Le film est néanmoins dopé à ‘action. Le rythme haletant garde le spectateur en joue et le fusille de séquences d’action très dynamiques. Bien aidées par de bonnes idées de mise en scène, elles apparaissent maîtrisées et sont cependant quelquefois mal filmées (shaky cam de malade et plans ultra courts), rendant l’action illisible, ce qui est fort dommage. Notre immersion est renforcée par des prises de vue sublimes soutenues par des effets spéciaux magnifiques qui n’ont pas l’air d’en être et accentuent le fort réalisme de l’histoire.
On reconnaît le style de Blomkamp, même si contrairement à chez Tim Burton, ça n’en fait pas un film stéréotypé. Il y a toujours une grande construction circulaire (ici Elysium, dans District 9, le vaisseau) le style des navettes est très proche du style de celle de District 9, il y a des bidonvilles…Mais malgré ses ressemblances, Blomkamp arrive à donner à son œuvre une réelle personnalité et à faire exister son histoire. Toutefois, il montre un travail qui aurait été perfectible. Un rallongement de dix minutes nous aurait fait nous accrocher au héros encore plus et aurait eu un bon effet sur le crescendo d’intensité, qui aurait pu donner encore plus de force au dénouement. Ses défauts sont cependant mineurs devant toute la réussite du film. On sent que le réalisateur a surtout beaucoup travaillé son concept et la manière de lui donner de la réalité. Il se dégage alors une certaine beauté artistique. Blomkamp arrive même à donner plus de puissance à des scènes dramatiques qu’à des scènes d’action, ce qui en dit long sur son potentiel et son talent.

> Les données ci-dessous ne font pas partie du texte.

(* Let $Q=ax^2+bxy+cy^2\in\mathcal{Q}_N(d_K)$ and let $P$ be a subgroup of $I_K(\mathfrak{n})$ with $P_{K,1}(\mathfrak{n})\subseteq P\subseteq P_K(\mathfrak{n})$. Then every class $C\in P_K(\mathfrak{n})/P$ can be written as $C=[(u\omega_Q+v)\mathcal{O}_K]$ for some integers $u,v$, not both zero, such that $\gcd(N,\,Q(v,-u))=1$.
   Context: Let $K$ be an imaginary quadratic field with discriminant $d_K$ and ring of integers $\mathcal{O}_K$. Let $N$ be a positive integer and $\mathfrak{n}=N\mathcal{O}_K$. $I_K(\mathfrak{n})$ denotes the group of fractional ideals of $K$ relatively prime to $\mathfrak{n}$, $P_K(\mathfrak{n})$ its subgroup of principal fractional ideals, and $P_{K,1}(\mathfrak{n})=\{\nu\mathcal{O}_K:\nu\in K^*,\ \nu\equiv^*1\pmod{\mathfrak{n}}\}$, where $\equiv^*$ is multiplicative congruence. $\mathcal{Q}(d_K)$ is the set of primitive positive definite binary quadratic forms $ax^2+bxy+cy^2\in\mathbb{Z}[x,y]$ with $b^2-4ac=d_K$, and $\mathcal{Q}_N(d_K)=\{ax^2+bxy+cy^2\in\mathcal{Q}(d_K):\gcd(N,a)=1\}$. For $Q=ax^2+bxy+cy^2\in\mathcal{Q}(d_K)$, $\omega_Q=(-b+\sqrt{d_K})/(2a)$, the root of $Q(x,1)$ in the upper half-plane $\mathbb{H}$. *)

(* K = Q(sqrt dK) is realised inside algC. *)
From HB Require Import structures.
From mathcomp Require Import all_boot all_order all_algebra all_field.
Set Implicit Arguments. Unset Strict Implicit. Unset Printing Implicit Defensive.
Import Order.TTheory GRing.Theory Num.Theory.
Local Open Scope ring_scope.

Definition sqfree_nat (n : nat) : Prop :=
  forall p : nat, prime p -> ~~ (p * p %| n)%N.

Definition fund_disc (d : int) : Prop :=
  ((d %% 4)%Z = 1 /\ sqfree_nat `|d|%N) \/
  (exists m : int, d = 4 * m /\ ((m %% 4)%Z = 2 \/ (m %% 4)%Z = 3)
                   /\ sqfree_nat `|m|%N).

(* sqrt(d_K) in algC: for d_K < 0 this is i*sqrt|d_K| (upper half-plane) *)
Definition sqrtd (d : int) : algC := sqrtC (d%:~R).

(* O_K = Z[tau], tau = (d_K + sqrt d_K)/2 *)
Definition tauK (d : int) : algC := (d%:~R + sqrtd d) / 2%:R.

Definition in_OK (d : int) (z : algC) : Prop :=
  exists a b : int, z = a%:~R + b%:~R * tauK d.

Definition coprime_OK (d : int) (N : nat) (al : algC) : Prop :=
  in_OK d al /\
  exists x y : algC, in_OK d x /\ in_OK d y /\ al * x + N%:R * y = 1.

(* nu O_K is a (principal) fractional ideal in I_K(n):
   nu = alpha/beta with alpha, beta in O_K nonzero, coprime to n *)
Definition in_PKn (d : int) (N : nat) (nu : algC) : Prop :=
  exists al be : algC, coprime_OK d N al /\ coprime_OK d N be /\
    al != 0 /\ be != 0 /\ nu = al / be.

Definition mcong1 (d : int) (N : nat) (nu : algC) : Prop :=
  exists al be : algC, coprime_OK d N al /\ coprime_OK d N be /\
    al != 0 /\ be != 0 /\ nu = al / be /\ in_OK d ((al - be) / N%:R).

Definition unit_OK (d : int) (e : algC) : Prop :=
  in_OK d e /\ e != 0 /\ in_OK d e^-1.

(* A subgroup P of I_K(n) with P_{K,1}(n) <= P <= P_K(n), encoded by the
   predicate "P nu  <->  nu O_K \in P" on generators nu in K^*. *)
Record admissible_P (d : int) (N : nat) (P : algC -> Prop) : Prop := {
  P_sub  : forall x, P x -> in_PKn d N x;
  P_one  : P 1;
  P_mul  : forall x y, P x -> P y -> P (x * y);
  P_inv  : forall x, P x -> P x^-1;
  P_unit : forall e x, unit_OK d e -> P x -> P (e * x);
  P_cong : forall x, mcong1 d N x -> P x }.

Definition in_QN (d : int) (N : nat) (a b c : int) : Prop :=
  0 < a /\ b ^+ 2 - 4 * a * c = d /\ gcdz (gcdz a b) c = 1 /\ coprimez N%:Z a.

Definition Qval (a b c x y : int) : int := a * x ^+ 2 + b * x * y + c * y ^+ 2.

Definition omegaQ (d a b : int) : algC := ((- b)%:~R + sqrtd d) / (2 * a%:~R).

From HB Require Import structures.
From mathcomp Require Import all_boot all_order all_algebra all_field.
From mathcomp Require Import ring zify.
Set Implicit Arguments. Unset Strict Implicit. Unset Printing Implicit Defensive.
Import Order.TTheory GRing.Theory Num.Theory.
Local Open Scope ring_scope.

(* The number th = a * omega_Q is a root of X^2 + b X + a c, and since
   d_K = b^2 - 4 a c is congruent to b mod 2, O_K = Z[th]; moreover
   a (u omega_Q + v) = a v + u th.  Write nu = al / be with al, be prime to N
   and pick an integer U inverse to the norm be be^* modulo N, so that
   T = a U al be^* satisfies T be = a al mod N.  As a is invertible mod N, T is
   congruent mod N to some X = a v + u th with v <> 0.  Then
   (u omega_Q + v) / nu = X be / (a al) is multiplicatively congruent to 1
   mod N, hence lies in P, and the norm of X, namely a Q(v, -u), is prime to N. *)

Lemma mul_succ_even (b : int) : exists m, b * (b + 1) = 2 * m.
Proof.
have b_div := divz_eq b 2; set q := (b %/ 2)%Z in b_div.
have r_ge0 := modz_ge0 b (isT : (2 : int) != 0).
have r_lt2 := ltz_pmod b (isT : (0 : int) < 2).
have [r0 | r1] : (b %% 2)%Z = 0 \/ (b %% 2)%Z = 1 by lia.
  by exists (q * b + q); rewrite {1}b_div r0; ring.
by exists (b * q + b); rewrite {2}b_div r1; ring.
Qed.

Lemma coprimez_solve_nz (a t : int) (N : nat) : coprimez a N -> (0 < N)%N ->
  exists v y : int, v != 0 /\ a * v = t - N%:Z * y.
Proof.
move=> /coprimezP[[a' n'] /= aa'] N_gt0.
have a_inv : a * (a' * t) = t - N%:Z * (n' * t).
  by transitivity ((a' * a + n' * N%:Z) * t - N%:Z * (n' * t)); [ring | rewrite aa' mul1r].
have [v0 | v0] := eqVneq (a' * t) 0; last by exists (a' * t), (n' * t).
exists N%:Z, (n' * t - a); split; first by rewrite lt0r_neq0 // ltz_nat.
by transitivity (t - N%:Z * (n' * t) + N%:Z * a); [rewrite -a_inv v0 mulr0 add0r mulrC | ring].
Qed.

Section QuadraticOrder.

Variables (B C : int) (th : algC).
Hypothesis th_root : th ^+ 2 + B%:~R * th + C%:~R = 0.
Hypothesis th_nonreal : th \isn't Num.real.

Definition qemb (p : int * int) : algC := p.1%:~R + p.2%:~R * th.

Definition qnorm (p : int * int) : int := p.1 ^+ 2 - B * p.1 * p.2 + C * p.2 ^+ 2.

Lemma conj_root : th^* = - B%:~R - th.
Proof.
have conj_th_root : th^* ^+ 2 + B%:~R * th^* + C%:~R = 0.
  by rewrite -(rmorph_int Num.conj) -(rmorph_int Num.conj C) -rmorphXn
    -!rmorphM -!rmorphD th_root rmorph0.
have : (th^* - th) * (th^* + th + B%:~R) = 0.
  by rewrite -[RHS](subrr 0) -{1}conj_th_root -th_root; ring.
move/eqP; rewrite mulf_eq0 subr_eq0 => /orP[th_real | ].
  by move: th_nonreal; rewrite CrealE th_real.
by rewrite -addrA addr_eq0 => /eqP ->; rewrite opprD addrC.
Qed.

Lemma qemb_eq0 p : qemb p = 0 -> p = (0, 0).
Proof.
case: p => x y; rewrite /qemb /=.
have [-> | y0] := eqVneq y 0.
  by rewrite mul0r addr0 => /eqP; rewrite intr_eq0 => /eqP ->.
move=> /eqP; rewrite addr_eq0 => /eqP xy.
have y0' : y%:~R != 0 :> algC by rewrite intr_eq0.
have th_ratio : th = - x%:~R / y%:~R by rewrite xy opprK mulrC mulKf.
by move: th_nonreal; rewrite th_ratio rpredM ?rpredV ?rpredN ?realz.
Qed.

Lemma qembM p q : qemb p * qemb q =
  qemb (p.1 * q.1 - C * p.2 * q.2, p.1 * q.2 + p.2 * q.1 - B * p.2 * q.2).
Proof.
rewrite /qemb /=; transitivity
  (qemb (p.1 * q.1 - C * p.2 * q.2, p.1 * q.2 + p.2 * q.1 - B * p.2 * q.2)
   + (p.2 * q.2)%:~R * (th ^+ 2 + B%:~R * th + C%:~R)); first by rewrite /qemb /=; ring.
by rewrite th_root mulr0 addr0.
Qed.

Lemma qemb_conj p : (qemb p)^* = qemb (p.1 - B * p.2, - p.2).
Proof. by rewrite /qemb rmorphD rmorphM !rmorph_int /= conj_root; ring. Qed.

Lemma qemb_norm p : qemb p * (qemb p)^* = (qnorm p)%:~R.
Proof. by rewrite qemb_conj qembM /qemb /qnorm /=; ring. Qed.

Lemma qemb_trace p : qemb p + (qemb p)^* = (2 * p.1 - B * p.2)%:~R.
Proof. by rewrite qemb_conj /qemb /=; ring. Qed.

Variables (d : int) (N : nat).
Hypothesis in_OK_qemb : forall z, in_OK d z <-> exists p, z = qemb p.

Lemma in_OK_int m : in_OK d m%:~R.
Proof. by apply/in_OK_qemb; exists (m, 0); rewrite /qemb /=; ring. Qed.

Lemma in_OKN z : in_OK d z -> in_OK d (- z).
Proof.
by move=> /in_OK_qemb[p ->]; apply/in_OK_qemb; exists (- p.1, - p.2); rewrite /qemb /=; ring.
Qed.

Lemma in_OKD z w : in_OK d z -> in_OK d w -> in_OK d (z + w).
Proof.
move=> /in_OK_qemb[p ->] /in_OK_qemb[q ->]; apply/in_OK_qemb.
by exists (p.1 + q.1, p.2 + q.2); rewrite /qemb /=; ring.
Qed.

Lemma in_OKM z w : in_OK d z -> in_OK d w -> in_OK d (z * w).
Proof.
by move=> /in_OK_qemb[p ->] /in_OK_qemb[q ->]; apply/in_OK_qemb; rewrite qembM; eexists.
Qed.

Lemma in_OK_conj z : in_OK d z -> in_OK d z^*.
Proof. by move=> /in_OK_qemb[p ->]; apply/in_OK_qemb; rewrite qemb_conj; eexists. Qed.

Lemma coprime_OK_int m : coprimez m N -> coprime_OK d N m%:~R.
Proof.
move=> /coprimezP[[u v] /= uv]; split; first exact: in_OK_int.
exists u%:~R, v%:~R; do 2?split; try exact: in_OK_int.
by rewrite -[N%:R]/(N%:Z%:~R) -!intrM -intrD mulrC [_ * v]mulrC uv.
Qed.

Lemma coprime_OK_conj z : coprime_OK d N z -> coprime_OK d N z^*.
Proof.
case=> z_OK [x [y [x_OK [y_OK zxy]]]]; split; first exact: in_OK_conj.
exists x^*, y^*; do 2?split; try exact: in_OK_conj.
by have := congr1 Num.conj zxy; rewrite rmorphD !rmorphM rmorph_nat rmorph1.
Qed.

Lemma coprime_OKM z w : coprime_OK d N z -> coprime_OK d N w -> coprime_OK d N (z * w).
Proof.
case=> z_OK [x [y [x_OK [y_OK zxy]]]] [w_OK [x' [y' [x'_OK [y'_OK wxy]]]]].
split; first exact: in_OKM.
exists (x * x'), (y + y' - N%:R * y * y').
split; first exact: in_OKM.
split.
  exact: in_OKD (in_OKD y_OK y'_OK) (in_OKN (in_OKM (in_OKM (in_OK_int N) y_OK) y'_OK)).
have zx : z * x = 1 - N%:R * y by apply/eqP; rewrite eq_sym subr_eq zxy.
have wx' : w * x' = 1 - N%:R * y' by apply/eqP; rewrite eq_sym subr_eq wxy.
have -> : z * w * (x * x') = (z * x) * (w * x') by ring.
by rewrite zx wx'; ring.
Qed.

Lemma coprime_OKB z w : coprime_OK d N z -> in_OK d w -> coprime_OK d N (z - N%:R * w).
Proof.
case=> z_OK [x [y [x_OK [y_OK zxy]]]] w_OK.
split; first exact: in_OKD z_OK (in_OKN (in_OKM (in_OK_int N) w_OK)).
exists x, (y + w * x); do 2?split => //; first exact: in_OKD y_OK (in_OKM w_OK x_OK).
by rewrite -[RHS]zxy; ring.
Qed.

Lemma coprime_OK_qnorm p : coprime_OK d N (qemb p) -> coprimez (qnorm p) N.
Proof.
case=> _ [_ [_ [/in_OK_qemb[q ->] [/in_OK_qemb[r ->] pqr]]]].
have pq : qemb p * qemb q = 1 - N%:R * qemb r by apply/eqP; rewrite eq_sym subr_eq pqr.
have norm_pq : qnorm q * qnorm p = 1 - N%:Z * (2 * r.1 - B * r.2 - N%:Z * qnorm r).
  apply: (@intr_inj algC); rewrite intrM -!qemb_norm.
  transitivity ((qemb p * qemb q) * (qemb p * qemb q)^*); first by rewrite rmorphM; ring.
  rewrite pq rmorphB rmorph1 rmorphM rmorph_nat.
  transitivity (1 - N%:R * (qemb r + (qemb r)^*) + N%:R ^+ 2 * (qemb r * (qemb r)^*)).
    by ring.
  by rewrite qemb_trace qemb_norm; ring.
apply/coprimezP; exists (qnorm q, 2 * r.1 - B * r.2 - N%:Z * qnorm r).
by rewrite /= norm_pq; ring.
Qed.

Lemma coprime_OK_inv_mod z : (0 < N)%N -> coprime_OK d N z ->
  exists2 U : int, coprimez U N & in_OK d ((U%:~R * z * z^* - 1) / N%:R).
Proof.
move=> N_gt0 z_cop; have [/in_OK_qemb[p zE] _] := z_cop.
have [[U V] /= UV] : exists uv : int * int, uv.1 * qnorm p + uv.2 * N = 1.
  by apply/coprimezP/coprime_OK_qnorm; rewrite -zE.
exists U; first by apply/coprimezP; exists (qnorm p, V); rewrite /= -UV; ring.
have N0 : N%:R != 0 :> algC by rewrite pnatr_eq0 -lt0n.
have -> : (U%:~R * z * z^* - 1) / N%:R = - V%:~R.
  have UqN : U * qnorm p = 1 - V * N by rewrite -UV; ring.
  by rewrite -mulrA zE qemb_norm -intrM UqN; field.
exact/in_OKN/in_OK_int.
Qed.

Lemma qemb_scaled_congr (a : int) t : coprimez a N -> (0 < N)%N -> in_OK d t ->
  exists v u y : int, v != 0 /\ qemb (a * v, u) = t - N%:R * y%:~R.
Proof.
move=> a_N N_gt0 /in_OK_qemb[pt ->].
have [v [y [v0 avE]]] := coprimez_solve_nz pt.1 a_N N_gt0.
by exists v, pt.2, y; split => //; rewrite /qemb avE /=; ring.
Qed.

Lemma scaled_rep_mcong1 (a : int) al be : (0 < N)%N -> a != 0 -> coprimez a N ->
  coprime_OK d N al -> coprime_OK d N be -> al != 0 -> be != 0 ->
  exists v u : int, [/\ v != 0, coprime_OK d N (qemb (a * v, u))
    & mcong1 d N (qemb (a * v, u) * be / (a%:~R * al))].
Proof.
move=> N_gt0 a0 a_N al_cop be_cop al0 be0.
have [[al_OK _] [be_OK _]] := (al_cop, be_cop).
have [U U_N be_inv] := coprime_OK_inv_mod N_gt0 be_cop.
set T := (a * U)%:~R * al * be^*.
have T_cop : coprime_OK d N T.
  apply: coprime_OKM; last exact: coprime_OK_conj.
  by apply: coprime_OKM => //; apply: coprime_OK_int; rewrite coprimezMl a_N.
have [v [u [y [v0 X_T]]]] := qemb_scaled_congr a_N N_gt0 (proj1 T_cop).
set X := qemb (a * v, u).
have X_cop : coprime_OK d N X by rewrite /X X_T; exact: coprime_OKB (in_OK_int y).
exists v, u; split => //.
exists (X * be), (a%:~R * al); split; first exact: coprime_OKM.
split; first exact: coprime_OKM (coprime_OK_int a_N) al_cop.
split.
  rewrite mulf_neq0 // /X; apply/eqP => /qemb_eq0[/eqP].
  by rewrite mulf_eq0 (negbTE a0) (negbTE v0).
split; first by rewrite mulf_neq0 ?intr_eq0.
split=> //.
have N0 : N%:R != 0 :> algC by rewrite pnatr_eq0 -lt0n.
have -> : (X * be - a%:~R * al) / N%:R =
    a%:~R * al * ((U%:~R * be * be^* - 1) / N%:R) - y%:~R * be.
  by rewrite /X X_T /T intrM; field.
exact: in_OKD (in_OKM (in_OKM (in_OK_int a) al_OK) be_inv)
  (in_OKN (in_OKM (in_OK_int y) be_OK)).
Qed.

End QuadraticOrder.

Lemma in_OK_shift d th e : tauK d = th + e%:~R ->
  forall z, in_OK d z <-> exists p, z = qemb th p.
Proof.
move=> tauE z; split.
  by case=> [x [y ->]]; exists (x + y * e, y); rewrite /qemb tauE /=; ring.
by case=> [[x y] ->]; exists (x - y * e), y; rewrite /qemb tauE /=; ring.
Qed.

Lemma a_omegaQ d a b : a != 0 -> a%:~R * omegaQ d a b = ((- b)%:~R + sqrtd d) / 2.
Proof. by move=> a0; rewrite /omegaQ; field; rewrite intr_eq0 a0. Qed.

Lemma a_omegaQ_root d a b c : a != 0 -> b ^+ 2 - 4 * a * c = d ->
  (a%:~R * omegaQ d a b) ^+ 2 + b%:~R * (a%:~R * omegaQ d a b) + (a * c)%:~R = 0.
Proof.
move=> a0 disc; rewrite a_omegaQ //.
transitivity ((sqrtd d ^+ 2 - (b ^+ 2 - 4 * a * c)%:~R) / 4 : algC); first by field.
by rewrite sqrtCK disc subrr mul0r.
Qed.

Lemma a_omegaQ_nonreal d a b : a != 0 -> d < 0 -> a%:~R * omegaQ d a b \isn't Num.real.
Proof.
move=> a0 d_lt0; apply/negP; rewrite a_omegaQ // => th_real.
have : sqrtd d \is Num.real.
  have -> : sqrtd d = 2 * (((- b)%:~R + sqrtd d) / 2) + b%:~R by field.
  by apply: rpredD; [apply: rpredM th_real; apply: realn | apply: realz].
by rewrite realEsqr /sqrtd sqrtCK ler0z leNgt d_lt0.
Qed.

Lemma tauK_a_omegaQ d a b c : a != 0 -> b ^+ 2 - 4 * a * c = d ->
  exists e : int, tauK d = a%:~R * omegaQ d a b + e%:~R.
Proof.
move=> a0 disc; have [m bm] := mul_succ_even b.
exists (m - 2 * a * c); rewrite a_omegaQ // /tauK.
have -> : d = 2 * (m - 2 * a * c) - b by rewrite -disc; move: bm; lia.
by field.
Qed.

Lemma qnorm_Qval a b c u v : qnorm b (a * c) (a * v, u) = a * Qval a b c v (- u).
Proof. by rewrite /qnorm /Qval /=; ring. Qed.

Theorem lemma2p2 (dK : int) (N : nat) (a b c : int) (P : algC -> Prop) :
  fund_disc dK -> dK < 0 -> (0 < N)%N ->
  in_QN dK N a b c -> admissible_P dK N P ->
  forall nu : algC, in_PKn dK N nu ->
  exists u v : int, (u != 0 \/ v != 0) /\
    coprimez N%:Z (Qval a b c v (- u)) /\
    P ((u%:~R * omegaQ dK a b + v%:~R) / nu).
Proof.
move=> _ dK_lt0 N_gt0 [a_gt0 [disc [_ N_a]]] P_adm nu.
case=> al [be [al_cop [be_cop [al0 [be0 ->]]]]].
have a0 : a != 0 by rewrite gt_eqF.
have a_N : coprimez a N by rewrite coprimez_sym.
have th_root := a_omegaQ_root a0 disc.
have th_nonreal := a_omegaQ_nonreal b a0 dK_lt0.
have [e /in_OK_shift OK_qemb] := tauK_a_omegaQ a0 disc.
have [v [u [v0 X_cop X_cong]]] :=
  scaled_rep_mcong1 th_root th_nonreal OK_qemb N_gt0 a0 a_N al_cop be_cop al0 be0.
exists u, v; split; first by right.
split.
  have := coprime_OK_qnorm th_root th_nonreal OK_qemb X_cop.
  by rewrite qnorm_Qval coprimezMl => /andP[_]; rewrite coprimez_sym.
have -> : (u%:~R * omegaQ dK a b + v%:~R) / (al / be) =
    qemb (a%:~R * omegaQ dK a b) (a * v, u) * be / (a%:~R * al).
  by rewrite /qemb /=; field; rewrite al0 be0 intr_eq0 a0.
exact: P_cong P_adm _ X_cong.
Qed.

Elysium ne révolutionne pas la SF et risquerait de décevoir ceux qui attendaient une véritable claque. Il n’en reste pas moins un des meilleurs films de l’été, un très bon moment, et une aventure exceptionnelle. Il prouve également que Neill Blomkamp, à défaut d’être parfait dans sa réalisation, reste un très grand cinéaste et une valeur sûre, un magnifique conteur d’histoire. Son film est donc bien meilleur que Transformers 3.